▶ **Task goal**
Repeat the lines of the data exactly, from the first one through the one that contains "have [[u [Nu".

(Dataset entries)
################
Theorem kernel_cone_conic_hull t (l : 'I_t -> 'cV[R]_m) :
  (forall v, is_extreme_ray v -> exists k c, 0 < c /\ v = c *: l k) ->
  forall v, in_kernel_cone v ->
    exists lam : 'I_t -> R, (forall k, 0 <= lam k) /\ v = \sum_k lam k *: l k.
Proof.
move=> l_rays v; have [n] := ubnP #|supp v|; elim: n v => // n IH v.
rewrite ltnS => supp_v v_cone.
have [-> | v_nz] := eqVneq v 0.
  by exists (fun=> 0); split=> //; rewrite big1 // => k _; rewrite scale0r.
have [[u [Nu [suv u_indep]]] | rigid] :=
  classic (exists u, N *m u = 0 /\ supp u \subset supp v /\ ~ exists c, u = c *: v).
  have [z [w [c [[z_cone w_cone c_ge0 v_zw] [sz sw]]]]] :=
    kernel_cone_split v_cone Nu suv u_indep.
  rewrite v_zw; have [lz [lz_ge0 ->]] := IH z (leq_trans sz supp_v) z_cone.
  have [lw [lw_ge0 ->]] := IH w (leq_trans sw supp_v) w_cone.
  exists (fun k => lz k + c * lw k); split=> [k|]; first by rewrite addr_ge0 ?mulr_ge0.
  by rewrite scaler_sumr -big_split; apply: eq_bigr => k _; rewrite scalerDl scalerA.
have [|k [c [c_gt0 ->]]] := l_rays v.
  apply: extreme_ray_of_rigid => // u Nu suv.
  by apply: NNPP => u_indep; apply: rigid; exists u.
exists (fun k' => if k' == k then c else 0); split=> [k'|]; first by case: eqP => // _; apply: ltW.
by rewrite (bigD1 k) //= eqxx big1 ?addr0 // => k' /negbTE ->; rewrite scale0r.
Qed.

Lemma pos_comb_extreme_rays_gt0 t (l : 'I_t -> 'cV[R]_m) (alpha : 'cV[R]_m) :
  (forall k, in_kernel_cone (l k)) ->
  (forall v, is_extreme_ray v -> exists k c, 0 < c /\ v = c *: l k) ->
  (forall j, 0 < alpha j 0) -> N *m alpha = 0 ->
  forall lam : 'I_t -> R, (forall k, 0 < lam k) ->
  forall j, 0 < (\sum_k lam k *: l k) j 0.
Proof.
move=> l_cone l_rays alpha_gt0 N_alpha lam lam_gt0 j.
have l_ge0 k : 0 <= l k j 0 by have [] := l_cone k.
have [k l_kj] : exists k, 0 < l k j 0.
  apply/existsP; move: (alpha_gt0 j); apply: contraLR => /existsPn l_j0.
  have alpha_cone : in_kernel_cone alpha by split=> // i; apply: ltW.
  have [beta [_ ->]] := kernel_cone_conic_hull l_rays alpha_cone.
  rewrite summxE -leNgt big1 // => k _; rewrite mxE.
  have -> : l k j 0 = 0 by apply/le_anti; rewrite l_ge0 andbT leNgt l_j0.
  by rewrite mulr0.
rewrite summxE (bigD1 k) //= ltr_wpDr ?mxE ?mulr_gt0 //.
by apply: sumr_ge0 => i _; rewrite mxE mulr_ge0 // ltW.
Qed.
End KernelCone.

Section VanishingOnPositiveOrthant.
Variable R : realFieldType.

Lemma poly_eq0_on_pos (p : {poly R}) : (forall z, 0 < z -> p.[z] = 0) -> p = 0.
Proof.
move=> p_pos0; apply: (@roots_geq_poly_eq0 _ p [seq i.+1%:R | i <- iota 0 (size p)]).
- by apply/allP => _ /mapP [i _ ->]; apply/rootP/p_pos0; rewrite ltr0Sn.
- by rewrite map_inj_uniq ?iota_uniq // => i j /eqP; rewrite eqr_nat => /eqP [].
- by rewrite size_map size_iota.
Qed.

Lemma lift_max_widen n (j : 'I_n) : lift ord_max j = widen_ord (leqnSn n) j.
Proof. by apply: val_inj; rewrite /= /bump leqNgt ltn_ord. Qed.

Lemma meval_muni n (p : {mpoly R[n.+1]}) (v : 'I_n.+1 -> R) :
  p.@[v] = (map_poly (meval (v \o widen_ord (leqnSn n))) (muni p)).[v ord_max].
Proof.
rewrite muniE rmorph_sum horner_sum mevalE; apply: eq_bigr => k _.
rewrite -!mul_polyC !rmorphM /= !map_polyC map_polyXn /= !hornerE.
rewrite mevalZ mevalX big_ord_recr /= mulrA; congr (_ * _ * _).
by apply: eq_bigr => i _; rewrite mnmE.
Qed.

Lemma mnm_widen_eq n (k k' : 'X_{1..n.+1}) :
  ([multinom k (widen_ord (leqnSn n) i) | i < n] ==
   [multinom k' (widen_ord (leqnSn n) i) | i < n]) && (k ord_max == k' ord_max)
  = (k == k').
Proof.
apply/andP/eqP => [[/eqP eq_w /eqP eq_max]|->]; last by rewrite !eqxx.
apply/mnmP => i; case: (unliftP ord_max i) => [j ->|->] //.
by rewrite lift_max_widen; have := congr1 (fun k : 'X_{1..n} => k j) eq_w; rewrite !mnmE.
Qed.

Lemma mcoeff_muni n (p : {mpoly R[n.+1]}) (k : 'X_{1..n.+1}) :
  ((muni p)`_(k ord_max))@_[multinom k (widen_ord (leqnSn n) i) | i < n] = p@_k.
Proof.
have -> : p@_k = \sum_(k' <- msupp p) p@_k' * (k' == k)%:R.
  have [k_p | k_p] := boolP (k \in msupp p).
    rewrite (bigD1_seq k) ?msupp_uniq //= eqxx mulr1 big1 ?addr0 // => k' /negbTE ->.
    by rewrite mulr0.
  rewrite memN_msupp_eq0 // big1_seq // => k' /andP[_ k'_p].
  by case: eqP k'_p => [-> | _]; rewrite ?mulr0 // (negbTE k_p).
rewrite muniE coef_sum raddf_sum /=; apply: eq_bigr => k' _.
rewrite coefZ coefXn mulr_natr mcoeffMn mcoeffZ mcoeffX -(mnm_widen_eq k' k).
by rewrite [k ord_max == _]eq_sym; do 2!case: (_ == _); rewrite ?mulr1 ?mulr0 ?mulr0n ?mulr1n.
Qed.

Lemma muni_eq0 n (p : {mpoly R[n.+1]}) : muni p = 0 -> p = 0.
Proof. by move=> p0; apply/mpolyP => k; rewrite -mcoeff_muni p0 coef0 !mcoeff0. Qed.

Lemma mpoly_eq0_on_pos n (p : {mpoly R[n]}) :
  (forall v : 'I_n -> R, (forall i, 0 < v i) -> p.@[v] = 0) -> p = 0.
Proof.
elim: n p => [|n IH] p p_pos0.
  have := p_pos0 (fun=> 1) (fun=> ltr01).
  by rewrite (nvar0_mpolyC p) mevalC => ->; rewrite mpolyC0.
apply/muni_eq0/polyP => d; rewrite coef0; apply: IH => v' v'_gt0.
pose P := map_poly (meval v') (muni p).
suff P0 : P = 0 by have := congr1 (fun q : {poly R} => q`_d) P0; rewrite coef_map coef0.
apply: poly_eq0_on_pos => z z_gt0.
pose v i := if unlift ord_max i is Some j then v' j else z.
have -> : P = map_poly (meval (v \o widen_ord (leqnSn n))) (muni p).
  apply: eq_map_poly => q; apply: meval_eq => i.
  by rewrite /v /= -lift_max_widen liftK.
have -> : z = v ord_max by rewrite /v unlift_none.
by rewrite -meval_muni p_pos0 // => i; rewrite /v; case: unliftP.
Qed.

End VanishingOnPositiveOrthant.

Section MassAction.
Variables (R : realType) (s m : nat) (mu nu : 'M[nat]_(s, m)).
Local Notation N := (stoich R mu nu).
Local Notation X := (reactant R mu).

(* [J(p, lambda)] of the paper, with [y] for [p] and [v] for [sum_k lambda_k l^(k)]. *)
Definition jacobian_form (v : 'cV[R]_m) (y : 'rV[R]_s) : 'M[R]_s :=
  N *m diag_mx v^T *m X^T *m diag_mx y.

Definition rate_vec (kappa : 'I_m -> R) (x : 'I_s -> R) : 'cV[R]_m :=
  \col_j (kappa j * \prod_i x i ^+ mu i j).

Lemma meval_Jpl t (l : 'I_t -> 'cV[R]_m) (w : 'I_(s + t) -> R) :
  map_mx (meval w) (Jpl mu nu l) =
  jacobian_form (\sum_k w (rshift s k) *: l k) (\row_i w (lshift t i)).
Proof.
rewrite /Jpl /jacobian_form !map_mxM map_trmx !map_diag_mx.
have mevalC_mx p q (A : 'M[R]_(p, q)) : map_mx (meval w) (map_mx (fun c => c%:MP) A) = A.
  by apply/matrixP => i j; rewrite !mxE mevalC.
rewrite !mevalC_mx; congr (_ *m diag_mx _ *m _ *m diag_mx _); apply/matrixP => i j.
  rewrite !mxE rmorph_sum summxE; apply: eq_bigr => k _.
  by rewrite rmorphM /= mevalC /lvar mevalXU !mxE ord1.
by rewrite !mxE; apply: mevalXU.
Qed.

Lemma f_eval_rate_vec kappa x : f_eval mu nu kappa x = N *m rate_vec kappa x.
Proof.
apply/matrixP => i z; rewrite ord1 !mxE /f_poly raddf_sum /=.
apply: eq_bigr => j _; rewrite mevalZ /rate_poly mevalM mevalC rmorph_prod !mxE.
by congr (_ * (_ * _)); apply: eq_bigr => k _; rewrite rmorphXn /= mevalXU.
Qed.

Lemma meval_mderiv_monomial (e : 'I_s -> nat) (x : 'I_s -> R) k : x k != 0 ->
  (mderiv k (\prod_i 'X_i ^+ e i)).@[x] =
  (e k)%:R * (\prod_i x i ^+ e i) * (x k)^-1.
Proof.
move=> x_k.
have -> : \prod_i 'X_i ^+ e i = 'X_[[multinom e i | i < s]] :> {mpoly R[s]}.
  by rewrite mpolyXE_id; apply: eq_bigr => i _; rewrite mnmE.
rewrite mderivX mevalZ mevalX mnmE.
have [-> | e_k] := posnP (e k); first by rewrite !mul0r.
rewrite -mulrA; congr (_ * _); apply: (mulIf x_k); rewrite mulfVK //.
rewrite (bigD1 k) //= [RHS](bigD1 k) //= mulrAC; congr (_ * _).
  by rewrite mnmBE mnm1E eqxx mnmE subn1 -exprSr prednK.
by apply: eq_bigr => i ik; rewrite mnmBE mnm1E mnmE eq_sym (negbTE ik) subn0.
Qed.

Lemma jac_rate_vec kappa x : (forall i, x i != 0) ->
  jac mu nu kappa x = jacobian_form (rate_vec kappa x) (\row_i (x i)^-1).
Proof.
move=> x_nz; apply/matrixP => i k; rewrite /jac /jacobian_form !mul_mx_diag !mxE.
rewrite /f_poly [mderiv k _]raddf_sum raddf_sum /= mulr_suml; apply: eq_bigr => j _.
rewrite mderivZ mevalZ /rate_poly mderiv_mulC mevalM mevalC meval_mderiv_monomial //.
by rewrite !mxE !mulrA [_ * _ * (mu k j)%:R]mulrAC [_ * (mu k j)%:R * _]mulrAC.
Qed.

Lemma nondegenerate_atE kappa x : (forall i, x i != 0) ->
  nondegenerate_at mu nu kappa x <->
  \sum_(I : {set 'I_s} | #|I| == \rank N)
     principal_minor (jacobian_form (rate_vec kappa x) (\row_i (x i)^-1)) I != 0.
Proof.
move=> x_nz; rewrite /nondegenerate_at /in_S jac_rate_vec // /jacobian_form -!mulmxA.
exact: colspace_onto_iff_principal_minors.
Qed.

Lemma meval_Bpoly t (l : 'I_t -> 'cV[R]_m) (w : 'I_(s + t) -> R) :
  (Bpoly mu nu l).@[w] = \sum_(I : {set 'I_s} | #|I| == \rank N)
     principal_minor (jacobian_form (\sum_k w (rshift s k) *: l k) (\row_i w (lshift t i))) I.
Proof.
by rewrite /Bpoly rmorph_sum; apply: eq_bigr => I _; rewrite principal_minor_map meval_Jpl.
Qed.

Lemma rate_vec_gt0 kappa x : (forall j, 0 < kappa j) -> (forall i, 0 < x i) ->
  forall j, 0 < rate_vec kappa x j 0.
Proof.
move=> kappa_gt0 x_gt0 j; rewrite mxE mulr_gt0 // prodr_gt0 // => i _.
by rewrite exprn_gt0.
Qed.

Lemma no_positive_steady_state :
  (~ exists alpha : 'cV[R]_m, (forall j, 0 < alpha j 0) /\ N *m alpha = 0) ->
  forall (kappa : 'I_m -> R) (x : 'I_s -> R), (forall j, 0 < kappa j) ->
    ~ positive_steady_state mu nu kappa x.
Proof.
move=> no_alpha kappa x kappa_gt0 [x_gt0 f0]; apply: no_alpha.
by exists (rate_vec kappa x); rewrite -f_eval_rate_vec; split=> //; apply: rate_vec_gt0.
Qed.

Lemma degenerate_of_Bpoly_eq0 t (l : 'I_t -> 'cV[R]_m) :
  (forall v, extreme_ray_gen mu nu v -> exists k c, 0 < c /\ v = c *: l k) ->
  Bpoly mu nu l = 0 -> network_degenerate R mu nu.
Proof.
move=> l_rays B0 kappa x kappa_gt0 [x_gt0 f0].
have rates_cone : in_kernel_cone N (rate_vec kappa x).
  split; last by rewrite -f_eval_rate_vec.
  by move=> j; apply/ltW/rate_vec_gt0.
have [lam [_ rates_lam]] := kernel_cone_conic_hull l_rays rates_cone.
rewrite /degenerate_at nondegenerate_atE => [|i]; last by rewrite gt_eqF.
pose w i := row_mx (\row_a (x a)^-1) (\row_k lam k) 0 i.
have := meval_Bpoly l w; rewrite B0 meval0.
have -> : \sum_k w (rshift s k) *: l k = rate_vec kappa x.
  by rewrite rates_lam; apply: eq_bigr => k _; rewrite /w row_mxEr mxE.
have -> : \row_i w (lshift t i) = \row_i (x i)^-1.
  by apply/rowP => i; rewrite !mxE /w row_mxEl mxE.
by move=> <-; rewrite eqxx.
Qed.

Lemma nondegenerate_of_Bpoly_neq0 t (l : 'I_t -> 'cV[R]_m) (alpha : 'cV[R]_m) :
  (forall j, 0 < alpha j 0) -> N *m alpha = 0 ->
  (forall k, extreme_ray_gen mu nu (l k)) ->
  (forall v, extreme_ray_gen mu nu v -> exists k c, 0 < c /\ v = c *: l k) ->
  Bpoly mu nu l != 0 -> network_nondegenerate R mu nu.
Proof.
move=> alpha_gt0 N_alpha l_ext l_rays B_nz.
have [w [w_gt0 Bw]] : exists w, (forall i, 0 < w i) /\ (Bpoly mu nu l).@[w] != 0.
  apply: NNPP => no_w; apply/(negP B_nz)/eqP/mpoly_eq0_on_pos => w w_gt0.
  by apply/eqP/negPn/negP => Bw; apply: no_w; exists w.
pose x i := (w (lshift t i))^-1.
pose v := \sum_k w (rshift s k) *: l k.
have x_gt0 i : 0 < x i by rewrite invr_gt0.
have v_gt0 : forall j, 0 < v j 0.
  exact: pos_comb_extreme_rays_gt0 (fun k => (l_ext k).1) l_rays alpha_gt0 N_alpha _ _.
have mono_gt0 j : 0 < \prod_i x i ^+ mu i j by apply: prodr_gt0 => i _; rewrite exprn_gt0.
pose kappa j := v j 0 / \prod_i x i ^+ mu i j.
have rates_v : rate_vec kappa x = v.
  by apply/matrixP => j z; rewrite ord1 mxE /kappa divfK ?gt_eqF.
exists kappa, x; split; first by move=> j; rewrite divr_gt0.
split.
  split=> //; rewrite f_eval_rate_vec rates_v mulmx_sumr big1 // => k _.
  by rewrite -scalemxAr (l_ext k).1.2 scaler0.
apply/nondegenerate_atE => [i|]; first by rewrite gt_eqF.
have -> : \row_i (x i)^-1 = \row_i w (lshift t i) by apply/rowP => i; rewrite !mxE invrK.
by rewrite rates_v -meval_Bpoly.
Qed.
################
▶ **Task solution**
Theorem kernel_cone_conic_hull t (l : 'I_t -> 'cV[R]_m) :
  (forall v, is_extreme_ray v -> exists k c, 0 < c /\ v = c *: l k) ->
  forall v, in_kernel_cone v ->
    exists lam : 'I_t -> R, (forall k, 0 <= lam k) /\ v = \sum_k lam k *: l k.
Proof.
move=> l_rays v; have [n] := ubnP #|supp v|; elim: n v => // n IH v.
rewrite ltnS => supp_v v_cone.
have [-> | v_nz] := eqVneq v 0.
  by exists (fun=> 0); split=> //; rewrite big1 // => k _; rewrite scale0r.
have [[u [Nu [suv u_indep]]] | rigid] :=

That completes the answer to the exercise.